Они вцепились, как майские клещи.

– Потому что профессиональные ограничения, – непререкаемым тоном сказал Булгаков и попытался их обойти, но они смело загородили ему дорога и нагло дышали перегаром, должно быть, вспомнив свои замашки одесской гопоты.

Он догадывался, что лунные человеки работают с ним, естественно, втёмную, не раскрывая всех карт, в этом и крылось ограничение познания и градация, в которой ранг у него было явно повыше.

– А-а-а… – всё равно удивился Жорж Петров. – А почему-у-у?

– Ну, заладил камарилью! – в сердцах плюнул Илья Ильф, который был ещё более-менее трезв. – Пойдём водку пить!

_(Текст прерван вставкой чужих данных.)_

Definition FBasedMor {L : Lang} {Sg : Sig L} {Pi : PSig L} {C : Cwf}
  (F : CwfMorFS Sg C) (Dh : Hyperdoctrine C)
  (Gm : forall G : CtxO Sg, PrS Sg Pi G -> hcar (Pr Dh (Fob F G))) : Prop :=
  (forall G : CtxO Sg, IsHMor (PrLT Sg Pi G) (Pr Dh (Fob F G)) (Gm G)) /\
  (forall (D G : CtxO Sg) (m : HomS Sg D G) (R : PrS Sg Pi G)
     (h : Form Sg Pi (proj1_sig D)
            (fsubst (proj1_sig D) (proj1_sig G) (proj1_sig m) (proj1_sig R))),
     Gm D (exist _ _ h) = prsub Dh (Fmor F m) (Gm G R)) /\
  (forall (G : CtxO Sg) (S : TyS Sg G) (R : PrS Sg Pi (extS G S)),
     Gm G (allS G S R) = hall Dh (Fsig F S) (castPr Dh (F_ext F G S) (Gm (extS G S) R))) /\
  (forall (G : CtxO Sg) (S : TyS Sg G) (R : PrS Sg Pi (extS G S)),
     Gm G (exS G S R) = hex Dh (Fsig F S) (castPr Dh (F_ext F G S) (Gm (extS G S) R))).

Definition InterpretsPreds {L : Lang} {Sg : Sig L} {Pi : PSig L} {C : Cwf}
  (F : CwfMorFS Sg C) (Dh : Hyperdoctrine C) (hPi : IsPredSig Sg Pi)
  (Rstar : forall (R : LP L) (G : ctx L) (e : Pi R = Some G),
             hcar (Pr Dh (Fob F (exist _ G (hPi R G e)))))
  (Gm : forall G : CtxO Sg, PrS Sg Pi G -> hcar (Pr Dh (Fob F G))) : Prop :=
  forall (R : LP L) (G : ctx L) (e : Pi R = Some G)
    (h : Form Sg Pi G (fatom R (map tvar (OV G)))),
    Gm (exist _ G (hPi R G e)) (exist _ _ h) = Rstar R G e.

(** By the de Bruijn property the variable bound by a well-formed quantifier
    in context [Gamma] is [fresh(Gamma)], so [(forall x:A) phi] is literally
    [forall_(Gamma,A)] applied to [phi] over [Gamma.A].  Hence the morphism is
    forced: a Heyting morphism commuting with reindexing and the quantifiers
    is determined by its values on atoms, and an atom [R(abar)] in context
    [Delta] is the reindexing of the generic atom [R(OV(Gamma_R))] along
    [abar : Delta -> Gamma_R], whose image is [R^*].
    Conversely, interpreting formulas by structural recursion with exactly
    these clauses gives a family of maps; it commutes with substitution
    (the quantifier case is Beck–Chevalley, because [F] sends the lifted
    substitution [(abar, y)] to [F abar . sigma(A)]), and it is monotone,
    since every rule of [Thm] is valid in a hyperdoctrine. *)
From Stdlib Require Import List Arith Lia ProofIrrelevance.
Import ListNotations.

Section Syntax.
Context {L : Lang}.

Lemma lookup_map_tvar (xs : list (V L)) y : lookup xs (map tvar xs) y = tvar y.
Proof.
  induction xs as [|x xs IH]; simpl; auto.
  destruct (var_eq_dec (LV L) x y); subst; auto.
Qed.

Fixpoint tsubst_map_tvar (xs : list (V L)) (e : term L) {struct e} :
  tsubst xs (map tvar xs) e = e :=
  match e with
  | tvar y => lookup_map_tvar xs y
  | tapp f args => f_equal (tapp f)
      ((fix go (l : list (term L)) : map (tsubst xs (map tvar xs)) l = l :=
          match l with
          | [] => eq_refl
          | a :: l' => f_equal2 cons (tsubst_map_tvar xs a) (go l')
          end) args)
  end.

Lemma map_tsubst_map_tvar (xs : list (V L)) l : map (tsubst xs (map tvar xs)) l = l.
Proof. induction l; simpl; f_equal; auto using tsubst_map_tvar. Qed.

Lemma ysubst_map_tvar (xs : list (V L)) A : ysubst xs (map tvar xs) A = A.
Proof. destruct A; simpl; f_equal; apply map_tsubst_map_tvar. Qed.

Lemma map_lookup_NoDup (xs : list (V L)) ts :
  NoDup xs -> length ts = length xs -> map (lookup xs ts) xs = ts.
Proof.
  revert ts; induction xs as [|x xs IH]; intros [|t ts] Hxs Hlen; try discriminate; auto.
  inversion Hxs as [|? ? Hx Hnd]; subst; simpl.
  destruct (var_eq_dec (LV L) x x) as [_|]; [|congruence].
  f_equal. transitivity (map (lookup xs ts) xs); [|apply IH; auto].
  apply map_ext_in. intros y Hy.
  destruct (var_eq_dec (LV L) x y); [subst; contradiction|reflexivity].
Qed.

Lemma OV_app (G1 G2 : ctx L) : OV (G1 ++ G2) = OV G1 ++ OV G2.
Proof. apply map_app. Qed.

Lemma OV_length (G : ctx L) : length (OV G) = length G.
Proof. apply length_map. Qed.

Lemma In_OV_cvars (G : ctx L) x : In x (OV G) -> In x (cvars G).
Proof.
  induction G as [|[y A] G IH]; simpl; auto.
  intros [->|H]; [left; reflexivity|right; apply in_or_app; auto].
Qed.
End Syntax.

Scheme IsType_mut := Induction for IsType Sort Prop
  with HasType_mut := Induction for HasType Sort Prop.
Combined Scheme IsType_HasType_mut from IsType_mut, HasType_mut.

Section Judgements.
Context {L : Lang} {Sg : Sig L}.

Lemma IsCtx_snoc_inv G x A :
  IsCtx Sg (G ++ [(x, A)]) -> IsCtx Sg G /\ IsType Sg G A /\ phi (LV L) (cvars G) x.
Proof.
  inversion 1 as [HG|G' A' x' HG HA Hx Heq].
  - destruct G; discriminate.
  - apply app_inj_tail in Heq as [-> [= -> ->]]. auto.
Qed.

Lemma IsCtx_snoc_fresh (hdB : deBruijn (LV L)) G x A :
  IsCtx Sg (G ++ [(x, A)]) -> x = fresh G.
Proof. intros H. apply hdB, (IsCtx_snoc_inv _ _ _ H). Qed.

Lemma IsCtx_OV_NoDup G : IsCtx Sg G -> NoDup (OV G).
Proof.
  induction 1 as [|G A x _ IH _ Hx]; [constructor|].
  rewrite OV_app. apply NoDup_app; [exact IH|repeat constructor; auto|].
  intros y Hy [<-|[]]. exact (phi_fresh _ _ _ Hx (In_OV_cvars _ _ Hy)).
Qed.

Lemma weakening :
  (forall D A, IsType Sg D A -> forall E, IsCtx Sg (D ++ E) -> IsType Sg (D ++ E) A) /\
  (forall D t A, HasType Sg D t A ->
     forall E, IsCtx Sg (D ++ E) -> HasType Sg (D ++ E) t A).
Proof.
  apply (IsType_HasType_mut L Sg
    (fun D A _ => forall E, IsCtx Sg (D ++ E) -> IsType Sg (D ++ E) A)
    (fun D t A _ => forall E, IsCtx Sg (D ++ E) -> HasType Sg (D ++ E) t A));
    intros.
  - eapply R4; eauto.
  - eapply R3; eauto.
    rewrite nth_error_app1; [eassumption|]. apply nth_error_Some; congruence.
  - eapply R5; eauto.
Qed.

Lemma IsType_weaken D E A : IsType Sg D A -> IsCtx Sg (D ++ E) -> IsType Sg (D ++ E) A.
Proof. intros HA; exact (proj1 weakening D A HA E). Qed.

Lemma HasType_weaken D E t A :
  HasType Sg D t A -> IsCtx Sg (D ++ E) -> HasType Sg (D ++ E) t A.
Proof. intros Ht; exact (proj2 weakening D t A Ht E). Qed.

Lemma SubstMor_id G : IsCtx Sg G -> SubstMor Sg G G (map tvar (OV G)).
Proof.
  intros HG. repeat split; auto.
  - rewrite length_map; apply OV_length.
  - intros k x A t Hk Ht.
    rewrite firstn_map, ysubst_map_tvar.
    rewrite nth_error_map in Ht. unfold OV in Ht. rewrite nth_error_map, Hk in Ht.
    injection Ht as <-. eapply R3; eauto.
Qed.

Lemma SubstMor_weaken D E G ts :
  SubstMor Sg D G ts -> IsCtx Sg (D ++ E) -> SubstMor Sg (D ++ E) G ts.
Proof.
  intros (HD & HG & Hlen & Hts) HDE. repeat split; auto.
  intros; apply HasType_weaken; eauto.
Qed.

– А писатель – умнее? – не мог угомониться Жорж Петров, топая, как кот Бегемот, вслед за Булгаковым.

– Писатель умнее, – подтвердил Булгаков, вспомнив театр Мейерхольда, нарочно превращенный в руины, чтобы соответствовать духу и времени.

– Ладно… – тупо согласился Илья Ильф, и уже не махал руками, как ворона крыльями.

– А почему-у-у?

Но это уже был перебор, и они почувствовали, что Булгаков раздражён.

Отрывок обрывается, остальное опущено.